Yizheng Cao: The integrated drug product design deals directly with the considerable permeability problems with complex molecules, especially larger ones such as peptides and protacles. The core idea is to use a comprehensive strategy that takes into account not only the components, but also the processing, manufacture and targeted delivery. Important strategies for overcoming the permeability problems are:
- Intimate mixture and technical process trains: Permation amplifiers have to be mixed closely with the API, sometimes on a molecular level, for an effective interaction with intestinal membranes.

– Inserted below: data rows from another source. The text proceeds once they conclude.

Lemma frechet_deriv_monotone y y' : monotone_on ip C F ->
  C y -> C y' -> 0 <= ip (F' y (y' - y)) (y' - y).
Proof.
move=> mono Cy Cy'; set d := y' - y; apply/ler_addgt0Pr => e e0.
have := has_deriv_on_ip_segment d Cy Cy'; rewrite -/d.
move=> /(_ 0); rewrite lexx ler01 => /(_ isT e e0) [dl dl0 near0].
pose s := Num.min 1 (dl / 2).
have s0 : 0 < s by rewrite lt_min ltr01 divr_gt0.
have s1 : s <= 1 by rewrite ge_min lexx.
have sdl : s < dl by rewrite gt_min; apply/orP; right; lra.
have s01 : 0 <= s <= 1 by rewrite s1 ltW.
have := near0 s s01; rewrite subr0 ger0_norm; last exact: ltW.
move=> /(_ sdl); rewrite scale0r addr0 ler_norml => /andP[_ h].
have := mono _ _ (convex_segment Cy Cy' s01) Cy.
rewrite -/d addrAC subrr add0r (ipZr hip) (ipBl hip) pmulr_rge0 // => h'.
suff : 0 <= (ip (F' y d) d + e) * s by rewrite pmulr_lge0.
rewrite mulrDl [e * s]mulrC; lra.
Qed.

Hypotheses (L0 : 0 <= L) (hL : deriv_lipschitz_on C F' L).

(* For [d = y' - y], the error [q] and [K = L/2 |d|^2 |q|], the Lipschitz bound
   on [F'] makes [phi t = <F (y + t d) - t F'(y) d, q> - K t^2] nonincreasing
   on [0, 1], and [phi 1 <= phi 0] reads [|q|^2 <= K]. *)
Lemma frechet_taylor y y' : C y -> C y' ->
  `|F y' - F y - F' y (y' - y)| <= L / 2 * `|y' - y| ^+ 2.
Proof.
move=> Cy Cy'; set d := y' - y; set q := F y' - F y - F' y d.
pose K := L / 2 * `|d| ^+ 2 * `|q|.
have dphi := has_deriv_onD (has_deriv_on_ip_segment q Cy Cy')
  (has_deriv_on_poly2 (- ip (F' y d) q) (- K)).
have nd := normr_ge0 d; have nq := normr_ge0 q.
have zt t : y + t *: d - y = t *: d by rewrite addrAC subrr add0r.
have neg t : 0 <= t <= 1 ->
    ip (F' (y + t *: d) d) q + (- ip (F' y d) q + 2 * - K * t) <= 0.
  move=> t01; have /andP[t0 _] := t01.
  have := hL (convex_segment Cy Cy' t01) Cy d.
  rewrite zt normrZ ger0_norm // => /(ler_wpM2r nq) lip.
  have := le_trans (ip_le_normM hip _ q) lip.
  by rewrite (ipBl hip) /K; lra.
have := has_deriv_on_le0_le ler01 dphi neg.
have -> : y + 1 *: d = y' by rewrite scale1r subrKC.
rewrite scale0r addr0 expr1n expr0n /= !mulr0 !mulr1 => h.
have : `|q| ^+ 2 <= K by rewrite -(ipxx hip) /q !(ipBl hip); lra.
rewrite /K => hq; have M0 : 0 <= L / 2 * `|d| ^+ 2 by rewrite mulr_ge0 ?divr_ge0.
nra.
Qed.

End FrechetSegment.

Section Constants.
Variable R : realType.
Implicit Types sig th thh eta L W : R.

Lemma theta_hatM sig th : sig < 1 ->
  theta_hat sig th * (1 - sig) ^+ 2 = th * (sig * (1 - sig) + th).
Proof. by move=> sig1; rewrite /theta_hat; field; rewrite gt_eqF // subr_gt0. Qed.

Lemma theta_hat_ge0 sig th : 0 <= sig < 1 -> 0 <= th -> 0 <= theta_hat sig th.
Proof.
move=> /andP[sig0 sig1] th0; have sig1' : 0 < 1 - sig by rewrite subr_gt0.
by rewrite /theta_hat mulr_ge0 // addr_ge0 // divr_ge0 // ?exprn_ge0 // ltW.
Qed.

Lemma theta_hat_lt sig th : sig < 1 -> 0 < th ->
  th < (1 - sig) * (1 - 2 * sig) -> theta_hat sig th < th.
Proof.
move=> sig1 th0 th_lt; have sig1' : 0 < (1 - sig) ^+ 2 by rewrite exprn_gt0 // subr_gt0.
by rewrite -(ltr_pM2r sig1') theta_hatM //; nra.
Qed.

Lemma quadratic_le_theta_hat sig th W : 0 <= sig < 1 -> 0 <= W ->
  (1 - sig) * W <= th -> sig * W + W ^+ 2 <= theta_hat sig th.
Proof.
move=> /andP[sig0 sig1] W0 hW.
have sig1' : 0 < (1 - sig) ^+ 2 by rewrite exprn_gt0 // subr_gt0.
rewrite -(ler_pM2r sig1') theta_hatM //.
have -> : (sig * W + W ^+ 2) * (1 - sig) ^+ 2 =
  sig * (1 - sig) * ((1 - sig) * W) + ((1 - sig) * W) ^+ 2 by ring.
have : 0 <= (1 - sig) * W by rewrite mulr_ge0 // subr_ge0 ltW.
have : 0 <= sig * (1 - sig) by rewrite mulr_ge0 // subr_ge0 ltW.
nra.
Qed.

Section Tau.
Variables th thh eta L : R.
Hypotheses (thh0 : 0 <= thh) (thh_lt : thh < th) (eta0 : 0 < eta) (L0 : 0 < L).
Local Notation tau := (tau_param th thh eta L).

Let h0 : 0 < eta * L / 2. Proof. by rewrite divr_gt0 // mulr_gt0. Qed.

Let denom_gt0 :
  0 < 2 * th + eta * L / 2 + Num.sqrt ((2 * th + eta * L / 2) ^+ 2 - 4 * th * (th - thh)).
Proof. by rewrite ltr_wpDr ?sqrtr_ge0 // addr_gt0 // mulr_gt0 // (le_lt_trans thh0). Qed.

Lemma tau_param_gt0 : 0 < tau.
Proof. by rewrite divr_gt0 // mulr_gt0 // subr_gt0. Qed.

Lemma tau_param_lt1 : tau < 1.
Proof.
rewrite ltr_pdivrMr // mul1r.
move: thh0 h0 (sqrtr_ge0 ((2 * th + eta * L / 2) ^+ 2 - 4 * th * (th - thh))); lra.
Qed.

(* [tau] is the smaller root of this quadratic equation. *)
Lemma tau_param_root : th * (1 - tau) ^+ 2 = thh + tau * (eta * L / 2).
Proof.
move: denom_gt0; rewrite /tau_param; set h := eta * L / 2; set B := 2 * th + h.
have th0 : 0 < th by apply: le_lt_trans thh_lt.
have D0 : 0 <= B ^+ 2 - 4 * th * (th - thh) by rewrite /B /h; move: thh0 h0 th0; nra.
set S := Num.sqrt _ => BS0; have S2 : S ^+ 2 = B ^+ 2 - 4 * th * (th - thh) by rewrite sqr_sqrtr.
have E : th * (1 - 2 * (th - thh) / (B + S)) ^+ 2 - (thh + 2 * (th - thh) / (B + S) * h)
    = (th - thh) * (S ^+ 2 - (B ^+ 2 - 4 * th * (th - thh))) / (B + S) ^+ 2.
  by move: (gt_eqF BS0); rewrite /B => BS; field; rewrite BS.
by apply/eqP; rewrite -subr_eq0 E S2 subrr mulr0 mul0r.
Qed.

End Tau.
End Constants.

Section NewtonStep.
Variables (R : realType) (V : normedModType R) (ip : V -> V -> R).
Variables (C : set V) (F : V -> V) (F' : V -> V -> V) (L : R).
Hypotheses (hip : is_inner_product ip) (convC : convex_set C).
Hypotheses (hF : frechet_deriv_on C F F') (hmono : monotone_on ip C F).
Hypotheses (L0 : 0 <= L) (hL : deriv_lipschitz_on C F' L).

Lemma newton_step_length sig x y nu y' nu' lam : 0 <= lam ->
  normal_cone ip C y nu -> normal_cone ip C y' nu' ->
  `|lam *: (F y + F' y (y' - y) + nu') + y' - x| <= sig * `|y' - y| ->
  (1 - sig) * `|y' - y| <= `|lam *: (F y + nu) + y - x|.
Proof.
move=> lam0 [Cy nuN] [Cy' nu'N] he.
set a := lam *: (F y + nu) + y - x; set e := lam *: _ + _ - _ in he.
have key : ip (e - a) (y' - y) =
    lam * (ip (F' y (y' - y)) (y' - y) + ip nu' (y' - y) - ip nu (y' - y))
    + `|y' - y| ^+ 2.
  by rewrite /e /a -(ipxx hip) !(ipBl hip, ipDl hip, ipNl hip, ipZl hip); ring.
have nu'_w : 0 <= ip nu' (y' - y).
  by rewrite -oppr_le0 -(ipNr hip) opprB; exact: nu'N.
set w := y' - y in he key nu'_w *.
have nu_w : ip nu w <= 0 := nuN y' Cy'.
have F'_w : 0 <= ip (F' y w) w := frechet_deriv_monotone hip convC hF hmono Cy Cy'.
have hw : `|w| ^+ 2 <= `|e - a| * `|w|.
  apply: le_trans (ip_le_normM hip _ _); rewrite key lerDr.
  by apply: mulr_ge0 lam0 _; lra.
have := normr_ge0 w; rewrite le_eqVlt => /orP[/eqP <-|w0]; first by rewrite mulr0.
rewrite expr2 ler_pM2r // in hw.
have := ler_normB e a; lra.
Qed.

Lemma newton_residual x y y' nu' lam : C y -> C y' -> 0 <= lam ->
  `|lam *: (F y' + nu') + y' - x| <=
  `|lam *: (F y + F' y (y' - y) + nu') + y' - x| + lam * (L / 2 * `|y' - y| ^+ 2).
Proof.
move=> Cy Cy' lam0.
have -> : lam *: (F y' + nu') + y' - x = lam *: (F y + F' y (y' - y) + nu') + y' - x
    + lam *: (F y' - F y - F' y (y' - y)).
  by apply: (ip_inj hip) => z; rewrite !(ipBl hip, ipDl hip, ipNl hip, ipZl hip); ring.
apply: (le_trans (ler_normD _ _)); rewrite lerD2l normrZ ger0_norm //.
by rewrite ler_wpM2l // (frechet_taylor hip convC hF L0 hL Cy Cy').
Qed.

Lemma inexact_newton_step sig th x y nu y' nu' lam : 0 <= sig < 1 -> 0 < lam ->
  normal_cone ip C y nu -> normal_cone ip C y' nu' ->
  `|lam *: (F y + F' y (y' - y) + nu') + y' - x| <= sig * `|y' - y| ->
  lam * L / 2 * `|lam *: (F y + nu) + y - x| <= th ->
  lam * L / 2 * `|lam *: (F y' + nu') + y' - x| <= theta_hat sig th.
Proof.
move=> sig01 lam0 Ny Ny' he ha.
have len := newton_step_length (ltW lam0) Ny Ny' he.
have res := newton_residual x nu' Ny.1 Ny'.1 (ltW lam0).
have c0 : 0 <= lam * L / 2 by rewrite divr_ge0 // mulr_ge0 // ltW.
have W0 : 0 <= lam * L / 2 * `|y' - y| by rewrite mulr_ge0.
have hW : (1 - sig) * (lam * L / 2 * `|y' - y|) <= th.
  by apply: (le_trans _ ha); rewrite mulrCA; apply: ler_wpM2l.
apply: (le_trans _ (quadratic_le_theta_hat sig01 W0 hW)).
apply: le_trans (ler_wpM2l c0 res) _.
have := ler_wpM2l c0 he; nra.
Qed.

Lemma y_update_invariant sig th x y nu y' nu' lam : 0 <= sig < 1 -> 0 < lam ->
  normal_cone ip C y nu -> lam * L / 2 * `|lam *: (F y + nu) + y - x| <= th ->
  (if lam * L / 2 * `|lam *: (F y + nu) + y - x| <= theta_hat sig th
   then y' = y /\ nu' = nu
   else normal_cone ip C y' nu' /\
        `|lam *: (F y + F' y (y' - y) + nu') + y' - x| <= sig * `|y' - y|) ->
  normal_cone ip C y' nu' /\
  lam * L / 2 * `|lam *: (F y' + nu') + y' - x| <= theta_hat sig th.
Proof.
move=> sig01 lam0 Ny ha; case: ifP => [skip [-> ->] // | _ [Ny' he]].
by split=> //; apply: inexact_newton_step Ny Ny' he ha.
Qed.

End NewtonStep.

Section ExtragradientUpdate.
Variables (R : realType) (V : normedModType R).

Lemma large_step_bound th thh L tau (x y' v : V) lam : 0 <= tau <= 1 -> 0 <= lam ->
  0 <= L -> thh <= th -> lam * L / 2 * `|lam *: v + y' - x| <= thh ->
  (1 - tau) * lam * L / 2 * `|((1 - tau) * lam) *: v + y' - (x - (tau * lam) *: v)|
    <= th.
Proof.
move=> /andP[tau0 tau1] lam0 L0 thh_th hb.
rewrite opprB addrACA -scalerDl -mulrDl subrK mul1r addrA.
set N := `|_|; have N0 : 0 <= N := normr_ge0 _.
have c0 : 0 <= lam * L / 2 * N by rewrite !mulr_ge0.
have -> : (1 - tau) * lam * L / 2 * N = (1 - tau) * (lam * L / 2 * N) by ring.
by rewrite (le_trans (ler_piMl c0 _)) ?(le_trans hb) //; lra.
Qed.

Lemma small_step_bound th thh eta L tau (x y' v : V) lam : 0 < tau < 1 -> 0 <= L ->
  0 <= lam -> th * (1 - tau) ^+ 2 = thh + tau * (eta * L / 2) ->
  lam * L / 2 * `|lam *: v + y' - x| <= thh -> lam * `|y' - x| <= eta ->
  lam / (1 - tau) * L / 2 * `|(lam / (1 - tau)) *: v + y' - x| <= th.
Proof.
move=> /andP[tau0 tau1] L0 lam0 root hb hY.
set r := (1 - tau)^-1.
have r1 : r * (1 - tau) = 1 by rewrite mulVf // gt_eqF // subr_gt0.
have rtau : r - 1 = r * tau by move: r1; lra.
have r0 : 0 < r by rewrite invr_gt0 subr_gt0.
have -> : (lam * r) *: v + y' - x = r *: (lam *: v + y' - x) + (1 - r) *: (y' - x).
  by rewrite -!addrA scalerDr -addrA -scalerDl subrKC scale1r scalerA [r * lam]mulrC.
set b := lam *: v + y' - x.
have r_ge1 : 1 <= r by rewrite -subr_ge0 rtau mulr_ge0 // ltW.
have hn : `|r *: b + (1 - r) *: (y' - x)| <= r * `|b| + (r - 1) * `|y' - x|.
  have nr : `|1 - r| = r - 1 by rewrite ler0_norm ?opprB // subr_le0.
  by apply: (le_trans (ler_normD _ _)); rewrite !normrZ (gtr0_norm r0) nr.
have c0 : 0 <= lam * r * L / 2 by rewrite !mulr_ge0 // ltW.
apply: (le_trans (ler_wpM2l c0 hn)).
have E : r ^+ 2 * thh + r * (r - 1) * (L / 2) * eta = th.
  rewrite rtau; transitivity (r ^+ 2 * (thh + tau * (eta * L / 2))); first by ring.
  rewrite -root; transitivity (th * (r * (1 - tau)) ^+ 2); first by ring.
  by rewrite r1 expr1n mulr1.
have h1 : r ^+ 2 * (lam * L / 2 * `|b|) <= r ^+ 2 * thh by rewrite ler_wpM2l ?sqr_ge0.
have h2 : r * (r - 1) * (L / 2) * (lam * `|y' - x|) <= r * (r - 1) * (L / 2) * eta.
  by rewrite ler_wpM2l // rtau !mulr_ge0 // ?divr_ge0 // ltW.
rewrite -E; move: h1 h2; nra.
Qed.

o Spray drying with dry granulation: This process begins to dry a dispersion of the API and the enhancer in order to ensure intimate mixing at the molecular level. A dry granulation step then compresses the resulting powder, which often have poor fluid ability and enables the optional addition of more permeation amplifiers.
o wet granulation: An alternative is to insert peptides and enhancer into a wet granulation process as a solution. This ensures high unity and composition of the elements and creates a mixture with excellent fluid ability, which means that both intimate mixture and improved powder properties are achieved in a single step. These methods help maximize the pharmaceutical pollution in engineering powder properties.
- Simultaneous publication and targeted delivery: Effective permeation is based on the API Personal during a short window when the enhancer interacts with the intestinal membrane.
o Enteric coating: In order to achieve this synchronized and targeted delivery, the Enterische coating is often applied to medicines (capsules or tablets). This pH-solved coating prevents the drug release in the acid stomach and enables a quick and simultaneous release of both the API and the permeation enhancer if the pH value in the intestine increases (e.g. PH 6.8), which is crucial for the maximization of the Permatics Addition.
Diploma
Since new molecular therapies are becoming increasingly complex and accelerating schedules for clinical development, the formulators have to move beyond conventional approaches. This includes the definition of clear problem statements, researching several feasible solutions and the frequently for simplified formulations in which it is possible to reduce risks and costs. Ultimately, the solution to solubility and permeability concerns with regard to the challenging molecules requires creativity and the introduction of new technologies that also take into account performance, manufacturers, stability and patient needs. Ultimately, the optimal drug product uses the simplest technologies that meet both the target profile and the needs of the patient and emphasize a flexible, scalable and commercially relevant design.